You don’t get to walk away from this kind of mendacity, no matter how important you are. Here’s why: it’s symptomatic of an institutional privilege and power whose checks and balances are sick, whose publication review processes are broken, and whose senior experts speak only in terms of what makes good or bad research without any reflexivity or ethical consideration.

Even if you choose to believe that the authors made all of these mistakes, not maliciously, but carelessly: it doesn’t make it any better. In fact, it makes it worse since it reveals a pattern, a habit, a system. The authors wrote with the easy knowledge that they would be believed, that theirs was the definitive and credible word, despite their distance and ignorance from the events in question. They wrote distracted, assuming no one who mattered was likely to question their account. (The bloggers would know the truth, of course. As would others with bipolar disorder. But no one told them about this study and even if they were informed, they have little ability or access to enter the conversation. They are effectively without the right to respond).

I imagine the authors will respond to my outrage in all or none of the following ways:

  • Confusion: Why don’t I welcome minority viewpoints that challenge harm and coercion perpetuated by mainstream psychiatry? 
  • Dismissal: I’m not competent enough to know what’s best for me. 
  • Hostility: I’m brainwashed by Big Pharma or masquerading as mentally ill for my own personal agenda.
  • Complacency: Continuing with what they’re doing because I can’t stop them. 

I’ve seen this pattern before. But I should also add “But, academic freedom” and “You’re a conspiracy theorist” to the list to be safe. 

Impolite Conversations

In the weeks I’ve been writing about this study, I’ve constantly worried about coming across as a respectful and serious scholar who demonstrates an appropriate “open-mindedness” in public. Gaslighting makes us question ourselves because we’re forced to entertain how academics and entire movements void us of our humanity and our capacity to define ourselves as equals.

The choice to engage in one-sided dialogue with power requires a lot of mental gymnastics. As such, there’s a tendency to self-police so as not to be too threatening, or an attempt to center and accommodate the feelings of the oppressor so that our humanity becomes easier for them to understand. I’ve written many drafts of this blog. It’s even easier to abandon a justifiably militant position in favor a more respectful one or silence simply as a means of coping over the seemingly never-ending demands for our rights to existence and freedom from violence. 
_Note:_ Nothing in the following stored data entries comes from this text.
(* Let $r\ge2$ and fix $\tilde{\mathbf z}=(z_2,\dots,z_r)^\intercal\in\Omega^{r-1}$. For any $2\le j\le r$, any non-negative integer $k$ and any $t\in\mathbb C_\infty$ with $|t|_\infty\le1$, \[\lim_{|z_1|_\infty=|\mathbf z|_i\to\infty}\sum'_{a_1,\dots,a_r\in A}\frac{a_j(t)}{(a_1z_1+\dots+a_rz_r)^{q^k}}=\sum'_{a_2,\dots,a_r\in A}\frac{a_j(t)}{(a_2z_2+\dots+a_rz_r)^{q^k}}.\]
   Context: Let $q$ be a prime power, $A=\mathbb F_q[\theta]$, $|\theta|_\infty=q$, $K_\infty=\mathbb F_q((1/\theta))$, $\mathbb C_\infty$ the completion of an algebraic closure of $K_\infty$; $a(t)$ is $a\in A$ with $\theta$ replaced by $t$. For $n\ge1$, $\Omega^n$ is the set of $(z_1,\dots,z_n)^\intercal\in\mathbb C_\infty^n$ with $K_\infty$-linearly independent entries and $z_n=1$. Here $\mathbf z=(z_1,\tilde{\mathbf z})=(z_1,z_2,\dots,z_r)^\intercal\in\Omega^r$, $|\mathbf z|_i=\inf\{|z_1-\alpha|_\infty:\alpha\in K_\infty z_2+\dots+K_\infty z_r\}$, and the limit is taken as $z_1$ varies (with $\tilde{\mathbf z}$ fixed, $\mathbf z\in\Omega^r$) subject to $|z_1|_\infty=|\mathbf z|_i$ and $|z_1|_\infty\to\infty$. $\sum'$ excludes the tuple with all entries zero. *)

From HB Require Import structures.
From mathcomp Require Import all_boot all_order all_algebra.
From mathcomp Require Import classical_sets reals.
Set Implicit Arguments. Unset Strict Implicit. Unset Printing Implicit Defensive.
Import Order.TTheory GRing.Theory Num.Theory.
Local Open Scope ring_scope.
Local Open Scope classical_set_scope.

(* C plays the role of C_infty: an algebraically closed field C with an
   absolute value nrm : C -> R, a copy of F_q (F with #|F| = q) via iota,
   and theta in C.  See is_Cinfty below. *)
Section Cinf.
Variables (R : realType) (F : finFieldType) (C : closedFieldType)
  (iota : {rmorphism F -> C}) (nrm : C -> R) (theta : C).

(* a(x) for a in F[theta] = {poly F}, evaluated at x in C *)
Definition evalA (a : {poly F}) (x : C) : C := (map_poly iota a).[x].

Definition cvg_nrm (u : nat -> C) (v : C) : Prop :=
  forall e : R, 0 < e -> exists N : nat, forall d, (N <= d)%N -> nrm (u d - v) < e.

Definition cauchy_nrm (u : nat -> C) : Prop :=
  forall e : R, 0 < e -> exists N : nat, forall m d, (N <= m)%N -> (N <= d)%N ->
    nrm (u m - u d) < e.

Definition in_Kinf (x : C) : Prop :=
  forall e : R, 0 < e -> exists a b : {poly F},
    b != 0 /\ nrm (x - evalA a theta / evalA b theta) < e.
But if we truly want less ableism and bigotry towards mental illness, we need to show that ableism and bigotry are unacceptable and beyond the pale. Civil conversations that concede virtually everything are not the way to get there. 
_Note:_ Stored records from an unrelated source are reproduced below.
(* [Pi_x phi] lies in [V_x], whose elements are supported in the cell [Q + x].  If [psi]
   vanishes on [Q + x], then [<Pi_x phi, psi> = 0] for support reasons.  Otherwise the distance
   hypothesis forces [phi] to vanish on the closed box [x + [0, l]^d], which contains both ends of
   every bond on which the gradient of an element of [V_x] can be nonzero; so [phi] is
   [(.,.)_+]-orthogonal to [V_x] and [Pi_x phi = 0].  Summing over [x] gives [<T phi, psi> = 0].
   Since [<phi, psi> = 0], the same holds for [R = id - T], and the statements for the adjoints
   follow by exchanging [phi] and [psi].  The projections exist by Gram-Schmidt in the finite
   dimensional space [V_x], and are unique, hence linear, because [(.,.)_+] is definite on [V_x]:
   a function of zero energy is constant, and an element of [V_x] vanishes at [x]. *)

From Pilot Require Import Defs.
From HB Require Import structures.
From mathcomp Require Import all_boot all_order all_algebra.
From Stdlib Require Import ClassicalEpsilon FunctionalExtensionality.
From mathcomp Require Import ring lra zify.
Set Implicit Arguments. Unset Strict Implicit. Unset Printing Implicit Defensive.
Import Order.TTheory GRing.Theory Num.Theory.
Local Open Scope ring_scope.
Local Notation addq := Defs.addq.

Section OrthogonalProjection.
Variables (R : realFieldType) (V : vectType R) (B : V -> V -> R).
Hypothesis BlinearZDl : forall a u v w, B (a *: u + v) w = a * B u w + B v w.
Hypothesis Bsym : forall u v, B u v = B v u.
Hypothesis Bpsd : forall u, 0 <= B u u.

Lemma form0l w : B 0 w = 0.
Proof. by have := BlinearZDl 1 0 0 w; rewrite scaler0 addr0 mul1r; lra. Qed.

Lemma formDl u v w : B (u + v) w = B u w + B v w.
Proof. by rewrite -[u]scale1r BlinearZDl mul1r scale1r. Qed.

Lemma formZl a u w : B (a *: u) w = a * B u w.
Proof. by rewrite -[a *: u]addr0 BlinearZDl form0l addr0. Qed.

Lemma formBl u v w : B (u - v) w = B u w - B v w.
Proof. by rewrite formDl -scaleN1r formZl mulN1r. Qed.

Lemma formDr u v w : B w (u + v) = B w u + B w v.
Proof. by rewrite Bsym formDl !(Bsym w). Qed.

Lemma formZr a u w : B w (a *: u) = a * B w u.
Proof. by rewrite Bsym formZl Bsym. Qed.

(* Expand [0 <= B (w + t v) (w + t v)] at [t = - B w v / (B v v + 1)]. *)
Lemma form_isotropic_orth w v : B w w = 0 -> B w v = 0.
Proof.
move=> Bww0; set b := B w v; set c := B v v.
have c_ge0 : 0 <= c by apply: Bpsd.
set s := (c + 1)^-1.
have s_gt0 : 0 < s by rewrite invr_gt0; lra.
have sc : s * c = 1 - s.
  by rewrite -[c in LHS](addrK 1) mulrBr mulVf ?mulr1 //; apply: lt0r_neq0; lra.
have := Bpsd (w + (- b * s) *: v).
rewrite formDl !formDr !formZl !formZr Bww0 (Bsym v w) -/b -/c.
have -> : 0 + - b * s * b + (- b * s * b + - b * s * (- b * s * c))
        = - (b * b) * s * 2 + (b * b) * s * (s * c) by ring.
rewrite sc => h.
have : b * b <= 0 by nra.
by nra.
Qed.

Lemma orth_proj_span (X : seq V) phi :
  exists2 P, P \in <<X>>%VS & forall v, v \in <<X>>%VS -> B (phi - P) v = 0.
Proof.
elim: X phi => [|u X IHX] phi.
  by exists 0 => [|v]; rewrite span_nil ?mem0v // memv0 => /eqP->; rewrite Bsym form0l.
have [P1 P1X P1orth] := IHX phi.
have [Pu PuX Puorth] := IHX u.
set w := u - Pu; set t := B (phi - P1) w / B w w.
have orthX : forall v, v \in <<X>>%VS -> B (phi - (P1 + t *: w)) v = 0.
  by move=> v Xv; rewrite opprD addrA formBl formZl P1orth // Puorth // mulr0 subr0.
have orth_w : B (phi - (P1 + t *: w)) w = 0.
  rewrite opprD addrA formBl formZl.
  have [Bww0|Bww_neq0] := eqVneq (B w w) 0.
    by rewrite Bww0 mulr0 (Bsym _ w) form_isotropic_orth // subr0.
  by rewrite /t -mulrA mulVf // mulr1 subrr.
have sub_span_cons : (<<X>> <= <<u :: X>>)%VS by rewrite span_cons addvSr.
have u_span : u \in <<u :: X>>%VS by apply: memv_span; rewrite inE eqxx.
exists (P1 + t *: w).
  rewrite memvD ?memvZ ?memvB //; exact: (subvP sub_span_cons).
move=> v; rewrite span_cons => /memv_addP [_ /vlineP [k ->] [v' X'v ->]].
rewrite formDr (orthX _ X'v) addr0 formZr -(subrK Pu u) -/w formDr orth_w.
by rewrite orthX // add0r mulr0.
Qed.

Lemma orth_proj_exists (U : {vspace V}) phi :
  exists2 P, P \in U & forall v, v \in U -> B (phi - P) v = 0.
Proof. by rewrite -(span_basis (vbasisP U)); apply: orth_proj_span. Qed.

End OrthogonalProjection.

Section Frobenius.
Variables (R : realFieldType) (m d : nat).
Implicit Types F G H : 'M[R]_(m, d).

Lemma frobZDl a F G H : frob (a *: F + G) H = a * frob F H + frob G H.
Proof.
rewrite /frob mulr_sumr -big_split /=; apply: eq_bigr => i _.
by rewrite mulr_sumr -big_split /=; apply: eq_bigr => j _; rewrite !mxE; ring.
Qed.

Lemma frobC F G : frob F G = frob G F.
Proof. by apply: eq_bigr => i _; apply: eq_bigr => j _; rewrite mulrC. Qed.

Lemma frob0r F : frob F 0 = 0.
Proof. by rewrite /frob big1 // => i _; rewrite big1 // => j _; rewrite mxE mulr0. Qed.

Lemma frob_ge0 F : 0 <= frob F F.
Proof. by rewrite sumr_ge0 // => i _; rewrite sumr_ge0 // => j _; rewrite -expr2 sqr_ge0. Qed.

Lemma frob_eq0 F : frob F F = 0 -> F = 0.
Proof.
have sq_ge0 i j : 0 <= F i j * F i j by rewrite -expr2 sqr_ge0.
move/psumr_eq0P => /(_ (fun i _ => sumr_ge0 _ (fun j _ => sq_ge0 i j))) F0.
apply/matrixP => i j; move/psumr_eq0P: (F0 i isT) => /(_ (fun j _ => sq_ge0 i j)).
by move=> /(_ j isT) /eqP; rewrite mulf_eq0 orbb mxE => /eqP.
Qed.

End Frobenius.

Section EnergyForm.
Variables (R : realFieldType) (d n m : nat) (A : 'M[R]_(m, d) -> 'M[R]_(m, d)) (c0 : R).
Hypothesis A_linear : forall (a : R) (F G : 'M[R]_(m, d)), A (a *: F + G) = a *: A F + A G.
Hypothesis A_sym : forall F G, frob (A F) G = frob F (A G).
Hypothesis c0_gt0 : 0 < c0.
Hypothesis A_coercive : forall F, c0 * frob F F <= frob (A F) F.
Local Notation F := (site d n -> 'cV[R]_m).

Lemma frobA0l G : frob (A 0) G = 0.
Proof. by rewrite A_sym frobC frob0r. Qed.

Lemma frobA_ge0 G : 0 <= frob (A G) G.
Proof. exact: le_trans (mulr_ge0 (ltW c0_gt0) (frob_ge0 G)) (A_coercive G). Qed.

Lemma gradZD a (f g : F) x : grad (fun y => a *: f y + g y) x = a *: grad f x + grad g x.
Proof. by apply/matrixP => i j; rewrite !mxE; ring. Qed.

Lemma formAZDl a (f g h : F) :
  formA A (fun y => a *: f y + g y) h = a * formA A f h + formA A g h.
Proof.
rewrite /formA mulr_sumr -big_split /=; apply: eq_bigr => x _.
by rewrite gradZD A_linear frobZDl.
Qed.

Lemma formAC (f g : F) : formA A f g = formA A g f.
Proof. by apply: eq_bigr => x _; rewrite A_sym frobC. Qed.

Lemma formA_ge0 (f : F) : 0 <= formA A f f.
Proof. by apply: sumr_ge0 => x _; apply: frobA_ge0. Qed.

Lemma formA_eq0_grad (f : F) : formA A f f = 0 -> forall x, grad f x = 0.
Proof.
move/psumr_eq0P => /(_ (fun x _ => frobA_ge0 _)) fA0 x; apply: frob_eq0.
have := A_coercive (grad f x); rewrite fA0 // pmulr_rle0 // => le0.
by apply/eqP; rewrite eq_le le0 frob_ge0.
Qed.

End EnergyForm.

Section Sites.
Variables d n : nat.
Implicit Types x y z w : site d n.
Local Open Scope nat_scope.

Lemma addq_ext x (q q' : 'I_d -> nat) :
  (forall k, q k = q' k) -> addq x q = addq x q'.
Proof. by move=> qq'; apply/ffunP => k; rewrite !ffunE qq'. Qed.

Lemma addq0 x : addq x (fun=> 0) = x.
Proof. by apply/ffunP => k; rewrite ffunE addn0; apply: val_inj; apply: modn_small. Qed.

Lemma shift_addq x (q : 'I_d -> nat) j :
  shift (addq x q) j = addq x (fun k => q k + (k == j)).
Proof.
apply/ffunP => k; rewrite !ffunE; case: eqP => [->|_]; last by rewrite addn0.
by apply: val_inj; rewrite /= modnDml addnA.
Qed.

Lemma shift_inj (j : 'I_d) : injective (shift (n := n) ^~ j).
Proof.
move=> z w /ffunP zw; apply/ffunP => k; move: (zw k); rewrite !ffunE.
case: eqP => [->|_] // /(congr1 val) /= /eqP.
by rewrite eqn_modDr !modn_small ?ltn_ord // => /eqP /val_inj.
Qed.

Lemma inQP l x y :
  reflect (exists2 q : 'I_d -> nat, forall k, 0 < q k < l & y = addq x q) (inQ l x y).
Proof.
apply: (iffP existsP) => [[q /andP [/forallP q_gt0 /eqP ->]]|[q q_lt ->]].
  by exists (fun k => nat_of_ord (q k)) => // k; rewrite q_gt0 ltn_ord.
have q_ltl k : q k < l by case/andP: (q_lt k).
exists [ffun k => Ordinal (q_ltl k)]; apply/andP; split.
  by apply/forallP => k; rewrite ffunE; case/andP: (q_lt k).
by apply/eqP; apply: addq_ext => k; rewrite ffunE.
Qed.

Lemma inQ_shift l x z j :
  inQ l x (shift z j) -> exists2 b : 'I_d -> nat, forall k, b k < l & z = addq x b.
Proof.
case/inQP=> q q_lt zj; have /andP [qj_gt0 _] := q_lt j.
exists (fun k => q k - (k == j)) => [k|].
  by case/andP: (q_lt k) => _; apply: leq_ltn_trans (leq_subr _ _).
apply: (@shift_inj j); rewrite zj shift_addq; apply: addq_ext => k.
by case: eqP => [->|_]; rewrite ?subn0 ?addn0 // subnK.
Qed.

Lemma notinQ_self l x : 0 < d -> l <= n.+1 -> ~~ inQ l x x.
Proof.
move=> d_gt0 l_le; apply/negP => /inQP [q q_lt /ffunP /(_ (Ordinal d_gt0))].
rewrite ffunE => /(congr1 val) /= x_mod.
have : x (Ordinal d_gt0) + q (Ordinal d_gt0) == x (Ordinal d_gt0) + 0 %[mod n.+1].
  by rewrite -x_mod addn0 modn_small.
have /andP [q_gt0 q_ltl] := q_lt (Ordinal d_gt0).
by rewrite eqn_modDl mod0n modn_small ?(leq_trans q_ltl) // gtn_eqF.
Qed.

Lemma addq_shift_invariant T (f : site d n -> T) :
  (forall z j, f (shift z j) = f z) -> forall x q, f (addq x q) = f x.
Proof.
move=> f_shift x q.
suff : forall s q, \sum_k q k = s -> f (addq x q) = f x by apply.
elim=> [|s IHs] {}q sum_q.
  move/eqP: sum_q; rewrite sum_nat_eq0 => /forallP q0.
  by rewrite -{2}(addq0 x); congr f; apply: addq_ext => k; apply/eqP; apply: q0.
have [j q_j|q0] := pickP (fun k => 0 < q k); last first.
  by move: sum_q; rewrite big1 // => k _; move/negbT: (q0 k); rewrite -eqn0Ngt => /eqP.
have q_dec k : q k = (q k - (k == j)) + (k == j).
  by case: eqP => [->|_]; rewrite ?subn0 ?addn0 // subnK.
rewrite (addq_ext x q_dec) -shift_addq f_shift IHs //.
have sum_delta : \sum_k (k == j) = 1 by rewrite (bigD1 j) //= eqxx big1 // => k /negbTE ->.
by move: sum_q; rewrite (eq_bigr _ (fun k _ => q_dec k)) big_split /= sum_delta addn1 => -[].
Qed.

Lemma cdist_le (a s t : nat) :
  cdist (inZp (a + s) : 'I_n.+1) (inZp (a + t)) <= maxn (s - t) (t - s).
Proof.
rewrite /cdist /=.
set v := (a + t) %% n.+1; set k := (_ + n.+1 - v) %% n.+1.
have v_lt : v < n.+1 by rewrite ltn_mod.
have k_lt : k < n.+1 by rewrite ltn_mod.
have k_mod : (k + (a + t)) %% n.+1 = (a + s) %% n.+1.
  rewrite modnDml -modnDmr -/v subnK; last by rewrite (leq_trans (ltnW v_lt)) // leq_addl.
  by rewrite modnDr modn_mod.
case: (leqP t s) => ts.
  have : k + (a + t) == (s - t) + (a + t) %[mod n.+1] by rewrite k_mod addnCA subnK.
  rewrite eqn_modDr (modn_small k_lt) => /eqP ->.
  by rewrite (leq_trans (geq_minl _ _)) // (leq_trans (leq_mod _ _)) // leq_maxl.
have : (k + (t - s)) + (a + s) == 0 + (a + s) %[mod n.+1].
  by rewrite -addnA (addnCA (t - s)) subnK ?(ltnW ts) // k_mod.
rewrite eqn_modDr mod0n.
have [->|k_gt0] := posnP k; first by rewrite minnE subn0 subnn.
move=> dvd_k; have le_k : n.+1 <= k + (t - s) by apply: dvdn_leq; rewrite ?addn_gt0 ?k_gt0.
by rewrite (leq_trans (geq_minr _ _)) // (leq_trans _ (leq_maxr _ _)) //; lia.
Qed.

Lemma rho_addq_le x (s t : 'I_d -> nat) D :
  (forall k, maxn (s k - t k) (t k - s k) <= D) -> rho (addq x s) (addq x t) <= D.
Proof.
move=> st_le; apply/bigmax_leqP => j _; rewrite !ffunE.
exact: leq_trans (cdist_le _ _ _) (st_le j).
Qed.

End Sites.

Section InnerProduct.
Variables (R : realFieldType) (d n m : nat).
Local Notation F := (site d n -> 'cV[R]_m).
Implicit Types f g h : F.

Lemma ipZDl a f g h : ip (fun y => a *: f y + g y) h = a * ip f h + ip g h.
Proof.
rewrite /ip mulr_sumr -big_split; apply: eq_bigr => y _ /=.
by rewrite mulr_sumr -big_split; apply: eq_bigr => i _ /=; rewrite !mxE; ring.
Qed.

Lemma fsub_combE f g : fsub f g = (fun y => (-1) *: g y + f y).
Proof. by apply: functional_extensionality => y; rewrite scaleN1r addrC. Qed.

Lemma ipBl f g h : ip (fsub f g) h = ip f h - ip g h.
Proof. by rewrite fsub_combE ipZDl mulN1r addrC. Qed.

Lemma ipZl a f g : ip (fun y => a *: f y) g = a * ip f g.
Proof.
rewrite /ip mulr_sumr; apply: eq_bigr => y _.
by rewrite mulr_sumr; apply: eq_bigr => i _; rewrite mxE mulrA.
Qed.

Lemma ip_suml (I : finType) (fs : I -> F) g :
  ip (fun y => \sum_i fs i y) g = \sum_i ip (fs i) g.
Proof.
rewrite /ip [RHS]exchange_big /=; apply: eq_bigr => y _.
by rewrite [RHS]exchange_big /=; apply: eq_bigr => k _; rewrite summxE mulr_suml.
Qed.

Lemma ipC f g : ip f g = ip g f.
Proof. by apply: eq_bigr => y _; apply: eq_bigr => i _; rewrite mulrC. Qed.

Lemma ip_eq0 f g : (forall y, f y = 0 \/ g y = 0) -> ip f g = 0.
Proof.
move=> fg0; apply: big1 => y _; apply: big1 => i _.
by case: (fg0 y) => ->; rewrite mxE ?mul0r ?mulr0.
Qed.

Lemma ip_cst_eq0 f (c : 'cV[R]_m) : inX f -> ip f (fun=> c) = 0.
Proof.
move=> sum_f; rewrite /ip exchange_big big1 //= => i _.
by rewrite -mulr_suml -summxE sum_f mxE mul0r.
Qed.

End InnerProduct.

Section Riesz.
Variables (R : realFieldType) (d n m : nat).
Local Notation F := (site d n -> 'cV[R]_m).
Variable g : F -> R.
Hypothesis g_linear : forall a f h, g (fun y => a *: f y + h y) = a * g f + g h.

Lemma linear_fun0 : g (fun=> 0) = 0.
Proof.
have := g_linear 1 (fun=> 0) (fun=> 0); rewrite mul1r.
under [fun y => _]functional_extensionality do rewrite scaler0 addr0.
by move=> g0D; lra.
Qed.

Lemma linear_funZ a f : g (fun y => a *: f y) = a * g f.
Proof.
have := g_linear a f (fun=> 0); rewrite linear_fun0 addr0.
by under [fun y => _]functional_extensionality do rewrite addr0.
Qed.

Lemma linear_fun_sum (I : Type) (s : seq I) (fs : I -> F) :
  g (fun y => \sum_(i <- s) fs i y) = \sum_(i <- s) g (fs i).
Proof.
elim: s => [|i s IHs].
  by rewrite big_nil -linear_fun0; under [fun y => _]functional_extensionality do rewrite big_nil.
rewrite big_cons -IHs -[g (fs i)]mul1r -g_linear.
by congr g; apply: functional_extensionality => y; rewrite big_cons scale1r.
Qed.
There’s no justification for continually discounting the testimony of people diagnosed and/or suffering from serious mental illness other than to call it out as ableism and paternalism and question the motivations and credibility of the researchers who do this work. 

Given what we know about this study and the authors, this is an easy call to make. 

This research must not only be stopped; It must also be atoned for. The authors must acknowledge the harm they’ve done. 

Why do they need to do this? 

To be damn decent people for one. But in a practical sense: because people who identify as having a mental illness are the backbone of any meaningful understanding of where our problems started and what it will take to resolve them. And they don’t have a lot of our trust. Without us, the authors’ privilege will let them publish books and articles and secure speaking gigs, and be the face of a movement, but it won’t galvanize any actual action. It will generate personal power, but it won’t uplift the people they’re purporting to help.